Um ano mais tarde, ingressou na Universidade Estadual de Maryland, onde começou a estudar música e matemática. A Universidade contava com um bom departamento de música e uma banda de 16 elementos, onde pôde desenvolver seu estilo e aprender sobre execução e arranjos musicais. Em junho de 1950, Brown teve que abandonar a faculdade após um acidente automobilístico que o manteve hospitalizado por mais de um ano. Esse foi o primeiro de três acidentes automobilísticos, o último dos quais foi fatal.

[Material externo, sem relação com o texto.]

Fixpoint qC (R : nzRingType) (nN : nat) (l2 : R) (us : seq (seq R))
  : Cost (seq (seq R)) :=
  match us with
  | [::] => cret [::]
  | [:: _] => cret [:: nseq nN 0]
  | _ :: ((u :: _) as us') =>
      cbind (qC nN l2 us') (fun qs =>
        cbind (vaddC (head [::] qs) u) (fun t =>
          cbind (vscaleC l2 t) (fun q => cret (q :: qs))))
  end.

Fixpoint vvaddC (R : nzRingType) (a b : seq (seq R)) : Cost (seq (seq R)) :=
  match a, b with
  | x :: a', y :: b' =>
      cbind (vaddC x y) (fun z => cbind (vvaddC a' b') (fun zs => cret (z :: zs)))
  | _, _ => cret [::]
  end.

Definition fastK (R : nzRingType) (nN : nat) (l1 l2 : R) (blocks : seq (seq R))
  : Cost (seq R) :=
  cbind (mapC (fastK0 l1) blocks) (fun us =>
    cbind (pC l2 us) (fun ps =>
      cbind (qC nN l2 us) (fun qs =>
        cbind (vvaddC ps qs) (fun bs => cret (flatten bs))))).

Definition psiblocks (R : nzRingType) (n m : nat) (psi : 'cV[R]_(m.+1 * n.+1))
  : seq (seq R) :=
  [seq [seq psi (mxvec_index k i) 0 | i <- enum 'I_n.+1] | k <- enum 'I_m.+1].

Definition colseq (R : nzRingType) (p : nat) (v : 'cV[R]_p) : seq R :=
  [seq v x 0 | x <- enum 'I_p].

From HB Require Import structures.
From mathcomp Require Import all_boot all_order all_algebra.
From mathcomp Require Import reals.
From mathcomp Require Import sequences exp.
From mathcomp Require Import zify.

(* K0 and K are both distance kernels u |-> (\sum_b l ^ |k - b| u_b)_k: K0 acts so on
   the entries of a vector, and K acts so, with l = lam2, on the blocks K0 psi_b.
   Splitting the sum at b = k leaves a causal part (b <= k) and an anticausal part
   (b > k), which obey f_(k+1) = l f_k + u_(k+1) and g_k = l (g_(k+1) + u_(k+1)).
   These recursions cost two operations per entry: 5N - 4 operations for each product
   K0 psi_b (including the sum r + s), 2N per step of p and of q, and NM for the final
   sum p + q, hence fewer than 10 NM operations in all. *)

Set Implicit Arguments.
Unset Strict Implicit.
Unset Printing Implicit Defensive.
Import Order.TTheory GRing.Theory Num.Theory.
Local Open Scope ring_scope.

Section DistanceKernel.
Variables (R : pzRingType) (V : lmodType R) (l : R) (u : nat -> V).

Lemma causal_recE (f : nat -> V) :
  f 0%N = u 0%N -> (forall k, f k.+1 = l *: f k + u k.+1) ->
  forall k, f k = \sum_(0 <= b < k.+1) l ^+ (k - b) *: u b.
Proof.
move=> f0 fS; elim=> [|k IH]; first by rewrite big_nat1 expr0 scale1r.
rewrite fS IH [RHS]big_nat_recr //= subnn expr0 scale1r scaler_sumr; congr (_ + _).
apply: eq_big_nat => b /andP[_ hb]; rewrite scalerA -exprS; congr (_ ^+ _ *: _); lia.
Qed.

Lemma anticausal_recE m (g : nat -> V) :
  g m = 0 -> (forall k, (k < m)%N -> g k = l *: (g k.+1 + u k.+1)) ->
  forall k, (k <= m)%N -> g k = \sum_(k.+1 <= b < m.+1) l ^+ (b - k) *: u b.
Proof.
move=> gm gS k km; have := subnKC km; move: (m - k)%N => d.
elim: d k {km} => [|d IH] k hkd.
  by rewrite addn0 in hkd; rewrite hkd gm big_geq.
rewrite gS ?IH; [|lia|lia]; rewrite (@big_ltn _ _ _ k.+1) ?ltnS; last lia.
rewrite scalerDr scaler_sumr addrC subSn // subnn expr1; congr (_ + _).
by apply: eq_big_nat => b /andP[hb _]; rewrite scalerA -exprS; congr (_ ^+ _ *: _); lia.
Qed.

Lemma sum_ndist_split m k : (k <= m)%N ->
  \sum_(b < m.+1) l ^+ ndist k b *: u b =
  \sum_(0 <= b < k.+1) l ^+ (k - b) *: u b + \sum_(k.+1 <= b < m.+1) l ^+ (b - k) *: u b.
Proof.
move=> km; rewrite -(big_mkord xpredT (fun b => l ^+ ndist k b *: u b)).
rewrite (big_cat_nat _ (n := k.+1)) //=.
by congr (_ + _); apply: eq_big_nat => b /andP[hb1 hb2]; rewrite /ndist; congr (_ ^+ _ *: _); lia.
Qed.

Lemma distance_kernel_recE m (f g : nat -> V) k :
  f 0%N = u 0%N -> (forall k, f k.+1 = l *: f k + u k.+1) ->
  g m = 0 -> (forall k, (k < m)%N -> g k = l *: (g k.+1 + u k.+1)) ->
  (k <= m)%N -> \sum_(b < m.+1) l ^+ ndist k b *: u b = f k + g k.
Proof.
move=> f0 fS gm gS km.
by rewrite sum_ndist_split // (causal_recE f0 fS) (anticausal_recE gm gS km).
Qed.

End DistanceKernel.

Section OperationCounts.
Variable R : nzRingType.

Lemma vaddC_map (T : Type) (s : seq T) (f g : T -> R) :
  vaddC [seq f j | j <- s] [seq g j | j <- s] = ([seq f j + g j | j <- s], size s).
Proof. by elim: s => //= x s ->; rewrite /= addn0 add1n. Qed.

Lemma vscaleC_map (T : Type) (s : seq T) (l : R) (f : T -> R) :
  vscaleC l [seq f j | j <- s] = ([seq l * f j | j <- s], size s).
Proof. by elim: s => //= x s ->; rewrite /= addn0 add1n. Qed.

Lemma vvaddC_map (T1 T2 : Type) (t : seq T1) (s : seq T2) (f g : T1 -> T2 -> R) :
  vvaddC [seq [seq f k j | j <- s] | k <- t] [seq [seq g k j | j <- s] | k <- t]
  = ([seq [seq f k j + g k j | j <- s] | k <- t], (size t * size s)%N).
Proof. by elim: t => //= k t IH; rewrite vaddC_map /= IH /=; congr (_, _); lia. Qed.

Lemma mapC_map (A B T : Type) (t : seq T) (f : A -> Cost B) (g : T -> A) (h : T -> B) c :
  (forall k, f (g k) = (h k, c)) ->
  mapC f [seq g k | k <- t] = ([seq h k | k <- t], (size t * c)%N).
Proof. by move=> fg; elim: t => //= k t IH; rewrite fg /= IH /=; congr (_, _); lia. Qed.

Section ScalarRecursions.
Variables (l : R) (x : nat -> R).

Lemma fwdCE (f : nat -> R) a c : (forall j, f j.+1 = l * f j + x j.+1) ->
  fwdC l (f a) [seq x j | j <- iota a.+1 c] = ([seq f j | j <- iota a.+1 c], (2 * c)%N).
Proof. by move=> fS; elim: c a => [|c IH] a //=; rewrite -fS IH /=; congr (_, _); lia. Qed.

Lemma rCE (f : nat -> R) c : f 0%N = x 0%N -> (forall j, f j.+1 = l * f j + x j.+1) ->
  rC l [seq x j | j <- iota 0 c.+1] = ([seq f j | j <- iota 0 c.+1], (2 * c)%N).
Proof. by move=> f0 fS; rewrite /= -f0 fwdCE //= addn0. Qed.

Lemma sCE (g : nat -> R) a c :
  g (a + c)%N = 0 -> (forall j, (j < a + c)%N -> g j = l * (g j.+1 + x j.+1)) ->
  sC l [seq x j | j <- iota a c.+1] = ([seq g j | j <- iota a c.+1], (2 * c)%N).
Proof.
elim: c a => [|c IH] a gl gS; first by rewrite /= -gl addn0.
have := IH a.+1; rewrite addSnnS => /(_ gl gS) /= ->.
by rewrite /= -gS; [congr (_, _); lia | lia].
Qed.

End ScalarRecursions.

Section BlockRecursions.
Variables (l : R) (T : Type) (s : seq T) (u : nat -> T -> R).

Lemma pfwdCE (p : nat -> T -> R) a c : (forall k j, p k.+1 j = l * p k j + u k.+1 j) ->
  pfwdC l [seq p a j | j <- s] [seq [seq u k j | j <- s] | k <- iota a.+1 c]
  = ([seq [seq p k j | j <- s] | k <- iota a.+1 c], (c * (2 * size s))%N).
Proof.
move=> pS; elim: c a => [|c IH] a //=.
rewrite vscaleC_map /= vaddC_map /=.
have -> : [seq l * p a j + u a.+1 j | j <- s] = [seq p a.+1 j | j <- s].
  by apply: eq_map => j; rewrite pS.
by rewrite IH /=; congr (_, _); lia.
Qed.

Lemma pCE (p : nat -> T -> R) c :
  (forall j, p 0%N j = u 0%N j) -> (forall k j, p k.+1 j = l * p k j + u k.+1 j) ->
  pC l [seq [seq u k j | j <- s] | k <- iota 0 c.+1]
  = ([seq [seq p k j | j <- s] | k <- iota 0 c.+1], (c * (2 * size s))%N).
Proof.
move=> p0 pS; rewrite /= -(eq_map p0) pfwdCE //=; congr (_, _); lia.
Qed.

Lemma qCE (q : nat -> T -> R) a c :
  (forall j, q (a + c)%N j = 0) ->
  (forall k j, (k < a + c)%N -> q k j = l * (q k.+1 j + u k.+1 j)) ->
  qC (size s) l [seq [seq u k j | j <- s] | k <- iota a c.+1]
  = ([seq [seq q k j | j <- s] | k <- iota a c.+1], (c * (2 * size s))%N).
Proof.
elim: c a => [|c IH] a ql qS.
  have qa0 j : q a j = 0 by rewrite -(ql j) addn0.
  by congr ([:: _], _); elim: s => //= j t ->; rewrite qa0.
have := IH a.+1; rewrite addSnnS => /(_ ql qS) /= ->.
rewrite /= vaddC_map /= vscaleC_map /=.
have -> : [seq l * (q a.+1 j + u a.+1 j) | j <- s] = [seq q a j | j <- s].
  by apply: eq_map => j; rewrite [in RHS]qS //; lia.
by congr (_, _); lia.
Qed.

End BlockRecursions.

End OperationCounts.

Lemma index_allpairs (T1 T2 : eqType) (s1 : seq T1) (s2 : seq T2) i j :
  uniq s1 -> i \in s1 -> j \in s2 ->
  index (i, j) [seq (x, y) | x <- s1, y <- s2] = (index i s1 * size s2 + index j s2)%N.
Proof.
elim: s1 => //= x s1 IH /andP[xs1 u1]; rewrite inE => /orP[/eqP->|is1] js2.
  rewrite index_cat /= eqxx /= mul0n add0n.
  have -> : (x, j) \in [seq (x, y) | y <- s2] by apply: map_f.
  by rewrite (index_map (fun a b (e : (x, a) = (x, b)) => f_equal snd e)).
rewrite index_cat.
have xi : (x == i) = false by apply/negbTE/eqP => e; rewrite e is1 in xs1.
have -> : ((i, j) \in [seq (x, y) | y <- s2]) = false.
  by apply/negbTE/negP => /mapP[y _ [e _]]; rewrite e eqxx in xi.
by rewrite size_map IH // xi mulSn addnA.
Qed.

Lemma val_enum_rank (T : finType) (x : T) : val (enum_rank x) = index x (enum T).
Proof. by rewrite -{2}(nth_enum_rank x x) index_uniq ?enum_uniq // -cardE ltn_ord. Qed.

Lemma val_mxvec_index p q (i : 'I_p) (j : 'I_q) : mxvec_index i j = (i * q + j)%N :> nat.
Proof.
rewrite /mxvec_index /= val_enum_rank enumT unlock /= /prod_enum.
by rewrite index_allpairs ?enum_uniq ?mem_enum // !index_enum_ord size_enum_ord.
Qed.

Section K0Product.
Variables (R : nzRingType) (n : nat) (l : R) (v : 'cV[R]_n.+1).

Lemma mulmx_K0mxE (j : 'I_n.+1) :
  (K0mx n l *m v) j 0 = \sum_(i < n.+1) l ^+ ndist j i *: (v (inord i) 0 : R^o).
Proof. by rewrite mxE; apply: eq_bigr => i _; rewrite mxE inord_val. Qed.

Durante os anos de 1950 e 1951, o músico estava debilitado, deprimido e inseguro quanto ao futuro de sua carreira, tendo poucas oportunidades de praticar. Este foi um período muito triste de sua vida, e as palavras e o incentivo de Dizzy Gillespie foram primordiais para que Brown voltasse a tocar.

Em 1952, foi dado início à carreira profissional, com o registro de The Beginning and the End na companhia de Chris Powell (irmão de Bud). Em setembro de 1953 viajou para a França como integrante da big band de Lionel Hampton. Permaneceu lá por dois meses, tendo gravado Clifford Brown Quartet in Paris na companhia de Gigi Gryce e dos músicos franceses Henri Renaud (piano) e Pierre Michelot (baixo). As faixas gravadas na França mostravam um jovem com puro lirismo e equilíbrio, o que lhe rendeu reconhecimento. No mesmo ano grava com Dinah Washington, Art Farmer, Dizzy Gillespie, Sarah Vaughan e J. J. Johnson. (Foto: From the cover of "The Clifford Brown Quartet in Paris" )

O ano de 1954 foi de projeção e glórias na carreira. Após uma rápida passagem pelo Jazz Messengers de Art Blakey, Brown acabou chamando a atenção do baterista Max Roach, formando o lendário Clifford Brown-Max Roach Quintet, que duraria até o final de sua vida. Esse quinteto era formado por Harold Land (sax tenor), Richie Powell (piano) e George Morrow (baixo), e teve uma participação primordial no revigoramento do estilo bop. No mesmo ano, recebeu o prêmio de músico revelação (New Star Award) dos críticos da revista Down Beat. No Natal de 54 gravou com a cantora Helen Merrill uma das obras mais reverenciadas da história do jazz: Helen Merrill with Clifford Brown. (Foto: Clifford Brown/Max Roach Quintet at Basin St.)

Em 1955, o saxofonista Sonny Rollins entrou para o grupo de Brown em substituição a Harold Land, fazendo com que o quinteto alcançasse um nível ainda mais excepcional. Nessa época, Rollins já era visto como um dos maiores sax tenor de sua geração. Sua participação está registrada no álbum At Basin Street, gravado entre janeiro e fevereiro de 1956, sendo este o último álbum do Clifford Brown/Max Roach Quintet. (Foto: Clifford and Sonny Rollins. Clifford Brown/Max Roach Quintet at Basin St.)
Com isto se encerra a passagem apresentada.